I can break down some of the workflow of building ml/deep learning models into the following steps:

  • Understanding the task
  • Training Data
    • Collect + Label
    • Create environment + simulate
  • Develop model pipeline/architecture
  • Format data to be fed in properly (preprocessing)
  • Train model
    • Remote Cluster
    • Google Cloud/AWS Instance
    • Local Machine
    • Other Options
  • Evaluate model
  • Deploy model
  • Monitor failures, then report and fix (edge cases)

Training data steps are mostly solved by companies like Scale AI, Appen, Labelbox (only for real-world data though). If we’re looking to build realistic simulated environments, there’s still a gap to fill (though there are companies like Applied Intuition which focus specifically on self-driving cars).

Building the model has been made easy with PyTorch, TensorFlow, Keras, and other libraries + repos. There may be some gap to fill here to make a lot of code people write in their research projects cleaner, more accesible and easier to deploy in production since most of the time, code from research projects is really messy or not easily adapatable.
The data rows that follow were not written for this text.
(* Let $A\in\mathbb{H}^{m\times n}$ have full row rank ($m\le n$), let $\alpha\in(0,2/\|A\|_2^2)$, $0<\gamma\le1$, set $X_0=\alpha A^H$ and $X_{k+1}=(1+\gamma)X_k-\gamma X_kAX_k$ for $k\ge0$ (equivalently $X_{k+1}=X_k-\gamma X_k(AX_k-I_m)$). Let $E_k=I_m-AX_k$, $H_k=X_kA$, $F_k=I_n-X_kA$, and define $g_\gamma(t)=(1-\gamma)t+\gamma t^2$, $h_\gamma(t)=(1+\gamma)t-\gamma t^2$. Then: (1) $E_{k+1}=g_\gamma(E_k)$; hence $\|E_k\|_2$ decreases monotonically to $0$ and $AX_k\to I_m$. (2) $H_{k+1}=h_\gamma(H_k)$; each $H_k$ is Hermitian with spectrum in $[0,2)$ and $H_k\to Q:=A^\dagger A$, the orthogonal projector onto $\mathcal{R}(A^H)$. Consequently $F_k\to I_n-Q$. (3) The sequence $(X_k)$ converges in operator norm to $A^\dagger$.
   Context: $\mathbb{H}$ denotes the real quaternions; $X^H=\overline{X}^\top$ is the quaternionic conjugate transpose; a matrix is Hermitian if $X=X^H$ (such matrices have real spectrum). $\|\cdot\|_2$ is the operator norm induced by the Euclidean norm $\|x\|_2=\sqrt{\mathrm{Re}\,x^Hx}$. $A^\dagger$ is the Moore–Penrose pseudoinverse: the unique $A^\dagger\in\mathbb{H}^{n\times m}$ with $AA^\dagger A=A$, $A^\dagger AA^\dagger=A^\dagger$, $(AA^\dagger)^H=AA^\dagger$, $(A^\dagger A)^H=A^\dagger A$. All products are quaternionic matrix products in the written order. *)

From HB Require Import structures.
From mathcomp Require Import all_boot all_order all_algebra.
From mathcomp Require Import ring lra.
From mathcomp Require Import all_classical all_reals all_analysis.
Set Implicit Arguments. Unset Strict Implicit. Unset Printing Implicit Defensive.
Import Order.TTheory GRing.Theory Num.Theory.
Local Open Scope ring_scope.

Section Quaternions.
Variable R : realType.

Record quat := Quat { q0 : R; q1 : R; q2 : R; q3 : R }.

Definition quat2t (q : quat) := (q0 q, q1 q, q2 q, q3 q).
Definition t2quat (t : R * R * R * R) := let: (a, b, c, d) := t in Quat a b c d.
Lemma quat2tK : cancel quat2t t2quat. Proof. by case. Qed.
HB.instance Definition _ := Choice.copy quat (can_type quat2tK).

Definition qzero := Quat 0 0 0 0.
Definition qadd p q := Quat (q0 p + q0 q) (q1 p + q1 q) (q2 p + q2 q) (q3 p + q3 q).
Definition qopp p := Quat (- q0 p) (- q1 p) (- q2 p) (- q3 p).
Lemma maxcliqueE X K : is_maxclique n S X K <-> K `<=` X /\ is_clique n S K.
Proof.
split=> [[sKX [cK _]] // | [sKX cK]]; split=> //; split=> // K' ltKK' _ cK'.
by move: (fproper_ltn_card ltKK'); rewrite (clique_card cK) (clique_card cK'); lia.
Qed.

Lemma mem_cliques X K : (K \in cliques X) = (K `<=` X) && `[< is_clique n S K >].
Proof.
apply/idP/andP => [/mem_maxcliques/maxcliqueE[-> /asboolP] //|[sKX /asboolP cK]].
exact/mem_maxcliques/maxcliqueE.
Qed.

Lemma delta_cliques X : delta n S X = (#|` X|%:Z - #|` cliques X|%:Z)%R.
Proof.
rewrite delta_maxcliques [#|` cliques X|]card_fset_sum1 big_seq [in RHS]big_seq.
congr (_ - Posz _)%R; apply: eq_bigr => K /mem_maxcliques/maxcliqueE[_].
by rewrite /starsize => /clique_card ->; lia.
Qed.

Lemma cliquesS X Y : X `<=` Y -> cliques X `<=` cliques Y.
Proof.
move=> sXY; apply/fsubsetP => K; rewrite !mem_cliques => /andP[sKX ->].
by rewrite (fsubset_trans sKX sXY).
Qed.

Lemma cliquesI X Y : cliques (X `&` Y) = cliques X `&` cliques Y.
Proof.
apply/fsetP => K; rewrite in_fsetI !mem_cliques fsubsetI.
by case: (K `<=` X); case: (K `<=` Y); case: `[< _ >].
Qed.

Lemma delta_submod X Y :
  (delta n S (X `|` Y) + delta n S (X `&` Y) <= delta n S X + delta n S Y)%R.
Proof.
have le_cliques :
    (#|` cliques X| + #|` cliques Y| <= #|` cliques (X `|` Y)| + #|` cliques (X `&` Y)|)%N.
  rewrite cliquesI -cardfsUI leq_add2r; apply: fsubset_leq_card.
  by rewrite fsubUset !cliquesS ?fsubsetUl ?fsubsetUr.
by rewrite !delta_cliques; have := cardfsUI X Y; lia.
Qed.

Lemma delta_ge_pure C Z : #|` C| = n.-1 -> C `<=` Z -> (Posz n.-1 <= delta n S Z)%R.
Proof.
move=> cardC sCZ; have [_ [_ [_ pureZ]]] := age_inC Z.
by rewrite -cardC; apply: (pureZ C sCZ cardC).2.
Qed.

Lemma delta_pure C : #|` C| = n.-1 -> delta n S C = Posz n.-1.
Proof.
move=> cardC; have := delta_ge_pure cardC (fsubset_refl C).
by rewrite delta_cliques cardC; lia.
Qed.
Formatting data has been in my experience something that takes so much time to do. Especially when working with multiple data streams (i.e. rgb image, segmentation map, depth map) and trying to combine them all, it becomes really messy to get them in the right format via some batch operation we can perform and then save on disk. There’s definitely some though I need to put here in terms of how we can improve current workflows.

Training the model has been made relatively easy with the use of things like Docker along with newer companies like Anyscale which allow for some distributed operation. I don’t have deep enough knowledge of this part to assess the current state of tools here.

Evaluating the model can be done right now but there’s no tool that makes it easy to organize all results and easily view them over specific pieces of data you want to view them on. Scale AI is building a tool called Nucleus that tries to make this easier though.

Deploying models is still pretty hard. Depending on the use case, you want to do this on-edge, in the cloud via an instance, or in the cloud via some serverless backend. A good amount of the time, it’s important that the model trained with some Python package is then easily useable in C++ which allows for faster, more efficient runtimes per inference when deployed. From my knowledge, this is still somewhat tough to do and requires a lot of custom optimization.

Monitoring a model in production is probably to biggest thing we can solve in this workflow. Companies like Tesla have probably perfected this with the pipeline they use for Autopilot but there isn’t really any open-source way to effectively monitor when a model fails and then report + iterate on those cases of data.


There’s a few different painpoints we can observe with the overall workflow that exists for deep learning above. Only thing I left out is possible solutions which is the hard part.